§ PROMPT: Copy out the first line of the listing and every line after it, exactly, until you have copied the line containing "apply: le_trans (ler_norm_sum _ _ _) _.".

════════

(* Compare the row of the largest [|a l|], [l != i], with its diagonal. *)
Lemma diag_dominant_le N (i : 'I_N) (p : 'I_N -> 'I_N -> R) (a r : 'I_N -> R)
    (e kap rho : R) :
  0 <= e -> 0 <= rho -> 1 < kap - e * N%:R ->
  (forall l, l != i -> kap <= `|p l l|) ->
  (forall l m, l != i -> m != l -> `|p l m| <= e) ->
  (forall l, l != i -> \sum_m p l m * a m = r l) ->
  (forall l, l != i -> `|r l| <= rho) ->
  forall l, l != i -> `|a l| <= rho + e * `|a i|.
Proof.
move=> e0 rho0 dom hdiag hoff hsys hr.
set A := \big[maxr/0]_(m | m != i) `|a m|.
have A0 : 0 <= A by rewrite /A bigmax_idl le_max lexx.
have aA m : m != i -> `|a m| <= A by move=> hm; exact: le_bigmax_cond.
have eN0 : 0 <= e * N%:R by rewrite mulr_ge0.
have kap0 : 0 < kap by lra.
have row_le l : l != i -> kap * `|a l| <= rho + e * `|a i| + e * N%:R * A.
  move=> hl; apply: le_trans (_ : kap * `|a l| <= `|p l l * a l|) _.
    by rewrite normrM ler_wpM2r // hdiag.
  have -> : p l l * a l = r l - \sum_(m < N | m != l) p l m * a m.
    by rewrite -(hsys l hl) (bigD1 l) //= addrK.
  apply: le_trans (ler_normB _ _) _; rewrite -addrA lerD ?hr //.
  apply: le_trans (ler_norm_sum _ _ _) _.
  apply: le_trans (_ : _ <= \sum_(m < N | m != l) e * ((m == i)%:R * `|a i| + A)) _.
    apply: ler_sum => m hm; rewrite normrM; apply: ler_pM => //; first exact: hoff.
    case: (eqVneq m i) => [->|hmi]; first by rewrite mul1r lerDl.
    by rewrite mul0r add0r aA.
  apply: le_trans (_ : _ <= \sum_(m < N) e * ((m == i)%:R * `|a i| + A)) _.
    rewrite [X in _ <= X](bigID (fun m => m != l)) /= lerDl.
    by apply: sumr_ge0 => m _; rewrite mulr_ge0 // addr_ge0 // mulr_ge0.
  by rewrite -mulr_sumr big_split /= sum_delta sum_const_ord mulrDr mulrA.
have : A <= (rho + e * `|a i| + e * N%:R * A) / kap.
  apply: bigmax_le => [|l hl]; last by rewrite ler_pdivlMr // mulrC row_le.
  by apply: divr_ge0 (ltW kap0); rewrite !addr_ge0 ?mulr_ge0.
rewrite ler_pdivlMr // mulrC => hA l hl.
by apply: le_trans (aA l hl) _; nra.
Qed.
End DiagonalDominance.

Section Periodic.
Variable R : realType.

Lemma periodic_int_shift (u : R -> R) : (forall s, u (s + 1) = u s) ->
  forall (z : int) s, u (s + z%:~R) = u s.
Proof.
move=> hp.
have shift_nat (n : nat) s : u (s + n%:R) = u s.
  by elim: n s => [|n IH] s; rewrite ?addr0 // -natr1 addrA hp IH.
case=> n s; first exact: shift_nat.
by rewrite NegzE mulrNz -(shift_nat n.+1 (s - n.+1%:R)) subrK.
Qed.

Lemma periodic_dist_le (u : R -> R) (A : R) : (forall s, derivable u s 1) ->
  (forall s, `|derive1 u s| <= A) -> (forall s, u (s + 1) = u s) ->
  forall t, `|u t - u 0| <= A.
Proof.
move=> du hA hp t.
have A0 : 0 <= A := le_trans (normr_ge0 _) (hA 0).
set z := Num.floor t; set t' := t - z%:~R.
have -> : u t = u t' by rewrite -(periodic_int_shift hp z t') subrK.
have t'0 : 0 <= t' by rewrite /t' subr_ge0 floor_le.
have t'1 : t' < 1 by rewrite /t' ltrBlDl; have := floorD1_gt t; rewrite intrD.
apply: le_trans (ler_dist_mvt (a := 0) (b := t') (M := A) du (fun s _ => hA s)) _.
by rewrite subr0 ger0_norm // ler_piMr // ltW.
Qed.
End Periodic.

Section CkProjections.
Variables (R : realType) (N : nat).

Lemma Ck_continuous k (f : 'rV[R]_N -> R) : Ck k f -> continuous f.
Proof. by case: k => [[]|k []]. Qed.

Lemma Ck_derivable k (f : 'rV[R]_N -> R) :
  Ck k.+1 f -> forall j x, derivable f x (ev R j).
Proof. by move=> [_ h] j; case: (h j). Qed.

Lemma Ck_partial k (f : 'rV[R]_N -> R) : Ck k.+1 f -> forall j, Ck k (partial f j).
Proof. by move=> [_ h] j; case: (h j). Qed.
End CkProjections.
Arguments Ck_derivable {R N k f} _ j x.
Arguments Ck_partial {R N k f} _ j.

Section Straightening.
Variables (R : realType) (E kappa K : R) (N : nat) (H Phi : 'rV[R]_N -> 'rV[R]_N)
  (i : 'I_N) (x : 'rV[R]_N).
Hypotheses (kappa_gt : 1 < kappa - E) (N_ge3 : (3 <= N)%N)
  (hH1 : H1 E kappa H) (hH2 : H2 E K H) (hPhi : is_Phi H i Phi).
Implicit Types (t s : R) (l m k : 'I_N).

Definition gamma (t : R) := Phi (setc x i t).
Definition dgamma (m : 'I_N) (t : R) := partial (cmpt Phi m) i (setc x i t).
Definition ddgamma (m : 'I_N) (t : R) :=
  partial (partial (cmpt Phi m) i) i (setc x i t).
Definition DH (l m : 'I_N) (t : R) := partial (cmpt H l) m (gamma t).
Definition DDH (l m k : 'I_N) (t : R) := partial (partial (cmpt H l) m) k (gamma t).
Definition eps := E / N%:R.

Lemma setc_line t : setc x i t = setc x i 0 + t *: ev R i.
Proof.
by apply/rowP => m; rewrite !mxE; case: (m == i); rewrite ?add0r ?mulr1 ?mulr0 ?addr0.
Qed.

Lemma Ck_Phi l : Ck 2 (cmpt Phi l).
Proof. by case: hPhi => _ []. Qed.

Lemma Ck_H l : Ck 3 (cmpt H l).
Proof. by case: hH2 => _ []. Qed.

Lemma is_derive_setc (f : 'rV[R]_N -> R) t : (forall y, derivable f y (ev R i)) ->
  is_derive t 1 (fun s => f (setc x i s)) (partial f i (setc x i t)).
Proof.
move=> df; have := is_derive_line (df (setc x i 0 + t *: ev R i)).
by rewrite -setc_line; under eq_fun do rewrite -setc_line.
Qed.

Lemma is_derive_gamma m t : is_derive t 1 (fun s => gamma s 0 m) (dgamma m t).
Proof. exact: is_derive_setc (Ck_derivable (Ck_Phi m) i). Qed.

Lemma is_derive_dgamma m t : is_derive t 1 (dgamma m) (ddgamma m t).
Proof. exact: is_derive_setc (Ck_derivable (Ck_partial (Ck_Phi m) i) i). Qed.

Lemma gamma_i s : gamma s 0 i = s.
Proof. by case: hPhi => _ [_ [_ [_ [Phi_i _]]]]; rewrite /gamma Phi_i !mxE eqxx. Qed.

Lemma dgamma_i t : dgamma i t = 1.
Proof.
have := is_derive_gamma i t; under eq_fun do rewrite gamma_i.
by move/is_derive_unique; apply; exact: is_derive_id.
Qed.

Lemma ddgamma_i t : ddgamma i t = 0.
Proof.
have := is_derive_dgamma i t.
have -> : dgamma i = cst 1 by apply/funext => s; rewrite dgamma_i.
by move/is_derive_unique; apply; exact: is_derive_cst.
Qed.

════════

§ EXERCISE OUTPUT:
(* Compare the row of the largest [|a l|], [l != i], with its diagonal. *)
Lemma diag_dominant_le N (i : 'I_N) (p : 'I_N -> 'I_N -> R) (a r : 'I_N -> R)
    (e kap rho : R) :
  0 <= e -> 0 <= rho -> 1 < kap - e * N%:R ->
  (forall l, l != i -> kap <= `|p l l|) ->
  (forall l m, l != i -> m != l -> `|p l m| <= e) ->
  (forall l, l != i -> \sum_m p l m * a m = r l) ->
  (forall l, l != i -> `|r l| <= rho) ->
  forall l, l != i -> `|a l| <= rho + e * `|a i|.
Proof.
move=> e0 rho0 dom hdiag hoff hsys hr.
set A := \big[maxr/0]_(m | m != i) `|a m|.
have A0 : 0 <= A by rewrite /A bigmax_idl le_max lexx.
have aA m : m != i -> `|a m| <= A by move=> hm; exact: le_bigmax_cond.
have eN0 : 0 <= e * N%:R by rewrite mulr_ge0.
have kap0 : 0 < kap by lra.
have row_le l : l != i -> kap * `|a l| <= rho + e * `|a i| + e * N%:R * A.
  move=> hl; apply: le_trans (_ : kap * `|a l| <= `|p l l * a l|) _.
    by rewrite normrM ler_wpM2r // hdiag.
  have -> : p l l * a l = r l - \sum_(m < N | m != l) p l m * a m.
    by rewrite -(hsys l hl) (bigD1 l) //= addrK.
  apply: le_trans (ler_normB _ _) _; rewrite -addrA lerD ?hr //.
  apply: le_trans (ler_norm_sum _ _ _) _.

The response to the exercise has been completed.